## The task
The entries below should be written out again exactly as they stand.

## The data
== Segment start ==
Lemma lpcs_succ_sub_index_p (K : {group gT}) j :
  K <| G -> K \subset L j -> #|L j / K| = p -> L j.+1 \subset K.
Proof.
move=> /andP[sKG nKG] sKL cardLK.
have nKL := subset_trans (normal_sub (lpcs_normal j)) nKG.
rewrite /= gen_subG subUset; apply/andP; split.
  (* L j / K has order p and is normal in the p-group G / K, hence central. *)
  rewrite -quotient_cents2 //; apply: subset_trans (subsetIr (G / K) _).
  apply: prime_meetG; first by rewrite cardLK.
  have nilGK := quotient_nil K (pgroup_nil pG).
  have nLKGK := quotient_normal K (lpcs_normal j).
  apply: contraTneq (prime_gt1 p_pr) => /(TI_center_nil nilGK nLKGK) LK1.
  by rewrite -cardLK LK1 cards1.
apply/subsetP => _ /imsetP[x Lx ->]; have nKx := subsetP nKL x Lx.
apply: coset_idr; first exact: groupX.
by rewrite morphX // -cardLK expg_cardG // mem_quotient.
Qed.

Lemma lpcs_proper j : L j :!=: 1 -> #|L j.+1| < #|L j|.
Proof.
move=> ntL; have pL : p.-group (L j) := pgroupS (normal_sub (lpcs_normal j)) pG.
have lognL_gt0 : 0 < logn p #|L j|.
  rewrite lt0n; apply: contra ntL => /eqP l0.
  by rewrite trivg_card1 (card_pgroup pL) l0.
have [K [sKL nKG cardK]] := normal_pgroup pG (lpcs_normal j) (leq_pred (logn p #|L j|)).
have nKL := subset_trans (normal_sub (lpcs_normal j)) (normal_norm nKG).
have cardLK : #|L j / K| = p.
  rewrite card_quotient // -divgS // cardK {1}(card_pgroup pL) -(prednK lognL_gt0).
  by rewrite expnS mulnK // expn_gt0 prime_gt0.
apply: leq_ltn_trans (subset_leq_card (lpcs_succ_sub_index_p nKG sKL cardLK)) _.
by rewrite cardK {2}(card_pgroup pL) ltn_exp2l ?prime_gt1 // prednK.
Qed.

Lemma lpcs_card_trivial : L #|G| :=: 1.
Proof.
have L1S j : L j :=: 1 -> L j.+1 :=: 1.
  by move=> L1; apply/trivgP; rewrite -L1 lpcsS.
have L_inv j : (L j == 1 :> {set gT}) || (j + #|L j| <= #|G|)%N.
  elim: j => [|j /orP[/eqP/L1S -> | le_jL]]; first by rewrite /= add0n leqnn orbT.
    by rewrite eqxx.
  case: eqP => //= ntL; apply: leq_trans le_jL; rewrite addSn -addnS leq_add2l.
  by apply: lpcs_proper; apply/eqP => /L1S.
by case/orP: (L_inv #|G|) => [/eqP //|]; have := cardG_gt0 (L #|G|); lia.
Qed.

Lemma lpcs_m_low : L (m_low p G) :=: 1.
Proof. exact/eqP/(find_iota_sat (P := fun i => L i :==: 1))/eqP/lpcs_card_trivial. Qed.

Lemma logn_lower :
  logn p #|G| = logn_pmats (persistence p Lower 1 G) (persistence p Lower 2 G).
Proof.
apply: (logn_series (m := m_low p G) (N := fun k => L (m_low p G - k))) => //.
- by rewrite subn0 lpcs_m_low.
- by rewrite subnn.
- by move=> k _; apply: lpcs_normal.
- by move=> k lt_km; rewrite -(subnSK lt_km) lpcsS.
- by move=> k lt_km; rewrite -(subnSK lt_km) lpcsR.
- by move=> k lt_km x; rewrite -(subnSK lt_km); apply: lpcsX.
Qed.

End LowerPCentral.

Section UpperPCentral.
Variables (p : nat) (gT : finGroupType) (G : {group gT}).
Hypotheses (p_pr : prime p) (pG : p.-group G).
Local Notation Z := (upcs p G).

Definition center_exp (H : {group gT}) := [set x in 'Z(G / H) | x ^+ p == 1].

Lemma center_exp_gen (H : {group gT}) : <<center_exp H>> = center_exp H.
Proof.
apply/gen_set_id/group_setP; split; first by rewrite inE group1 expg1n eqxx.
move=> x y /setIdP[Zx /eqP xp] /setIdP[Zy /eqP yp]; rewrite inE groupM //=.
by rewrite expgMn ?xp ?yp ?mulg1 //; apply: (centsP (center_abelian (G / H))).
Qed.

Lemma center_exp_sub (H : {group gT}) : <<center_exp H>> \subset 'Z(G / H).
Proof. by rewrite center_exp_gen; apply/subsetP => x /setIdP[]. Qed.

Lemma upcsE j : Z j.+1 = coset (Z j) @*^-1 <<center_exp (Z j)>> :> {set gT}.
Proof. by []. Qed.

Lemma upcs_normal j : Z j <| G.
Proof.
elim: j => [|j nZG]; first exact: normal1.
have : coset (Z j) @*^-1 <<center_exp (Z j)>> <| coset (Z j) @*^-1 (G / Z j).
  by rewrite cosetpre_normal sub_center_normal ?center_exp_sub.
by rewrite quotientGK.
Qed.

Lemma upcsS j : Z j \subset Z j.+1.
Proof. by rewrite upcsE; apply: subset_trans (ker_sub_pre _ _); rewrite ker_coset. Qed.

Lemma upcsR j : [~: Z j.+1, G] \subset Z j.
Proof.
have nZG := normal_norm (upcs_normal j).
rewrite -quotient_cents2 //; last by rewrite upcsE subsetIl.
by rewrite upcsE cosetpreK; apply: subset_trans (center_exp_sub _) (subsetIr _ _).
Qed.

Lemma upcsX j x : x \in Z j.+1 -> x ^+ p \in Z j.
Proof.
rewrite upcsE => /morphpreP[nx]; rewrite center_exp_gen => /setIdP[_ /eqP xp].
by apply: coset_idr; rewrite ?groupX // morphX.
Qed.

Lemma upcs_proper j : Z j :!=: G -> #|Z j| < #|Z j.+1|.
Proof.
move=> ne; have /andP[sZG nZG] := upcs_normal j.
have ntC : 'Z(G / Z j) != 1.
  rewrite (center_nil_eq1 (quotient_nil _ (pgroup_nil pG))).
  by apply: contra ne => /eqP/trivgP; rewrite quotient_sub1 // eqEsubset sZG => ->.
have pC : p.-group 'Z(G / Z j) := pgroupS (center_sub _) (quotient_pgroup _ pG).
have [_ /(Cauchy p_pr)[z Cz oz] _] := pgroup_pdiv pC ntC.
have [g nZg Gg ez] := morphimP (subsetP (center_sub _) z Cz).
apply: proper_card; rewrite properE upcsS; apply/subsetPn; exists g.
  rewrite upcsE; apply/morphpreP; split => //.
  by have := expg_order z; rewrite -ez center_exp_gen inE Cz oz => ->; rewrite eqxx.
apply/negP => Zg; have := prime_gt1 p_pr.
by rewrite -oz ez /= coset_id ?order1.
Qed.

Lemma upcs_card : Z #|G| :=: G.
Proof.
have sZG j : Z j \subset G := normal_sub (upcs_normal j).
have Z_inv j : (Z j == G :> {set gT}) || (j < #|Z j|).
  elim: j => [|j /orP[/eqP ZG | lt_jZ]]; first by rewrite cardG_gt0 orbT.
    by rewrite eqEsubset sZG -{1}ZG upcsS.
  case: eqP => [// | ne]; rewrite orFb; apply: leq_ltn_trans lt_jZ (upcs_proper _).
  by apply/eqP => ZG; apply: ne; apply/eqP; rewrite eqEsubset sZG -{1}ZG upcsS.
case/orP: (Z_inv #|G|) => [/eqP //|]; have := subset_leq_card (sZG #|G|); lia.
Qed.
== Segment end ==
## Answer
Lemma lpcs_succ_sub_index_p (K : {group gT}) j :
  K <| G -> K \subset L j -> #|L j / K| = p -> L j.+1 \subset K.
Proof.
move=> /andP[sKG nKG] sKL cardLK.
have nKL := subset_trans (normal_sub (lpcs_normal j)) nKG.
rewrite /= gen_subG subUset; apply/andP; split.
  (* L j / K has order p and is normal in the p-group G / K, hence central. *)
  rewrite -quotient_cents2 //; apply: subset_trans (subsetIr (G / K) _).
  apply: prime_meetG; first by rewrite cardLK.
  have nilGK := quotient_nil K (pgroup_nil pG).
  have nLKGK := quotient_normal K (lpcs_normal j).
  apply: contraTneq (prime_gt1 p_pr) => /(TI_center_nil nilGK nLKGK) LK1.
  by rewrite -cardLK LK1 cards1.
apply/subsetP => _ /imsetP[x Lx ->]; have nKx := subsetP nKL x Lx.
apply: coset_idr; first exact: groupX.
by rewrite morphX // -cardLK expg_cardG // mem_quotient.
Qed.

Lemma lpcs_proper j : L j :!=: 1 -> #|L j.+1| < #|L j|.
Proof.
move=> ntL; have pL : p.-group (L j) := pgroupS (normal_sub (lpcs_normal j)) pG.
have lognL_gt0 : 0 < logn p #|L j|.
  rewrite lt0n; apply: contra ntL => /eqP l0.
  by rewrite trivg_card1 (card_pgroup pL) l0.
have [K [sKL nKG cardK]] := normal_pgroup pG (lpcs_normal j) (leq_pred (logn p #|L j|)).
have nKL := subset_trans (normal_sub (lpcs_normal j)) (normal_norm nKG).
have cardLK : #|L j / K| = p.
  rewrite card_quotient // -divgS // cardK {1}(card_pgroup pL) -(prednK lognL_gt0).
  by rewrite expnS mulnK // expn_gt0 prime_gt0.
apply: leq_ltn_trans (subset_leq_card (lpcs_succ_sub_index_p nKG sKL cardLK)) _.
by rewrite cardK {2}(card_pgroup pL) ltn_exp2l ?prime_gt1 // prednK.
Qed.

Lemma lpcs_card_trivial : L #|G| :=: 1.
Proof.
have L1S j : L j :=: 1 -> L j.+1 :=: 1.
  by move=> L1; apply/trivgP; rewrite -L1 lpcsS.
have L_inv j : (L j == 1 :> {set gT}) || (j + #|L j| <= #|G|)%N.
  elim: j => [|j /orP[/eqP/L1S -> | le_jL]]; first by rewrite /= add0n leqnn orbT.
    by rewrite eqxx.
  case: eqP => //= ntL; apply: leq_trans le_jL; rewrite addSn -addnS leq_add2l.
  by apply: lpcs_proper; apply/eqP => /L1S.
by case/orP: (L_inv #|G|) => [/eqP //|]; have := cardG_gt0 (L #|G|); lia.
Qed.

Lemma lpcs_m_low : L (m_low p G) :=: 1.
Proof. exact/eqP/(find_iota_sat (P := fun i => L i :==: 1))/eqP/lpcs_card_trivial. Qed.

Lemma logn_lower :
  logn p #|G| = logn_pmats (persistence p Lower 1 G) (persistence p Lower 2 G).
Proof.
apply: (logn_series (m := m_low p G) (N := fun k => L (m_low p G - k))) => //.
- by rewrite subn0 lpcs_m_low.
- by rewrite subnn.
- by move=> k _; apply: lpcs_normal.
- by move=> k lt_km; rewrite -(subnSK lt_km) lpcsS.
- by move=> k lt_km; rewrite -(subnSK lt_km) lpcsR.
- by move=> k lt_km x; rewrite -(subnSK lt_km); apply: lpcsX.
Qed.

End LowerPCentral.

Section UpperPCentral.
Variables (p : nat) (gT : finGroupType) (G : {group gT}).
Hypotheses (p_pr : prime p) (pG : p.-group G).
Local Notation Z := (upcs p G).

Definition center_exp (H : {group gT}) := [set x in 'Z(G / H) | x ^+ p == 1].

Lemma center_exp_gen (H : {group gT}) : <<center_exp H>> = center_exp H.
Proof.
apply/gen_set_id/group_setP; split; first by rewrite inE group1 expg1n eqxx.
move=> x y /setIdP[Zx /eqP xp] /setIdP[Zy /eqP yp]; rewrite inE groupM //=.
by rewrite expgMn ?xp ?yp ?mulg1 //; apply: (centsP (center_abelian (G / H))).
Qed.

Lemma center_exp_sub (H : {group gT}) : <<center_exp H>> \subset 'Z(G / H).
Proof. by rewrite center_exp_gen; apply/subsetP => x /setIdP[]. Qed.

Lemma upcsE j : Z j.+1 = coset (Z j) @*^-1 <<center_exp (Z j)>> :> {set gT}.
Proof. by []. Qed.

Lemma upcs_normal j : Z j <| G.
Proof.
elim: j => [|j nZG]; first exact: normal1.
have : coset (Z j) @*^-1 <<center_exp (Z j)>> <| coset (Z j) @*^-1 (G / Z j).
  by rewrite cosetpre_normal sub_center_normal ?center_exp_sub.
by rewrite quotientGK.
Qed.

Lemma upcsS j : Z j \subset Z j.+1.
Proof. by rewrite upcsE; apply: subset_trans (ker_sub_pre _ _); rewrite ker_coset. Qed.

Lemma upcsR j : [~: Z j.+1, G] \subset Z j.
Proof.
have nZG := normal_norm (upcs_normal j).
rewrite -quotient_cents2 //; last by rewrite upcsE subsetIl.
by rewrite upcsE cosetpreK; apply: subset_trans (center_exp_sub _) (subsetIr _ _).
Qed.

Lemma upcsX j x : x \in Z j.+1 -> x ^+ p \in Z j.
Proof.
rewrite upcsE => /morphpreP[nx]; rewrite center_exp_gen => /setIdP[_ /eqP xp].
by apply: coset_idr; rewrite ?groupX // morphX.
Qed.

Lemma upcs_proper j : Z j :!=: G -> #|Z j| < #|Z j.+1|.
Proof.
move=> ne; have /andP[sZG nZG] := upcs_normal j.
have ntC : 'Z(G / Z j) != 1.
  rewrite (center_nil_eq1 (quotient_nil _ (pgroup_nil pG))).
  by apply: contra ne => /eqP/trivgP; rewrite quotient_sub1 // eqEsubset sZG => ->.
have pC : p.-group 'Z(G / Z j) := pgroupS (center_sub _) (quotient_pgroup _ pG).
have [_ /(Cauchy p_pr)[z Cz oz] _] := pgroup_pdiv pC ntC.
have [g nZg Gg ez] := morphimP (subsetP (center_sub _) z Cz).
apply: proper_card; rewrite properE upcsS; apply/subsetPn; exists g.
  rewrite upcsE; apply/morphpreP; split => //.
  by have := expg_order z; rewrite -ez center_exp_gen inE Cz oz => ->; rewrite eqxx.
apply/negP => Zg; have := prime_gt1 p_pr.
by rewrite -oz ez /= coset_id ?order1.
Qed.

Lemma upcs_card : Z #|G| :=: G.
Proof.
have sZG j : Z j \subset G := normal_sub (upcs_normal j).
have Z_inv j : (Z j == G :> {set gT}) || (j < #|Z j|).
  elim: j => [|j /orP[/eqP ZG | lt_jZ]]; first by rewrite cardG_gt0 orbT.
    by rewrite eqEsubset sZG -{1}ZG upcsS.
  case: eqP => [// | ne]; rewrite orFb; apply: leq_ltn_trans lt_jZ (upcs_proper _).
  by apply/eqP => ZG; apply: ne; apply/eqP; rewrite eqEsubset sZG -{1}ZG upcsS.
case/orP: (Z_inv #|G|) => [/eqP //|]; have := subset_leq_card (sZG #|G|); lia.
Qed.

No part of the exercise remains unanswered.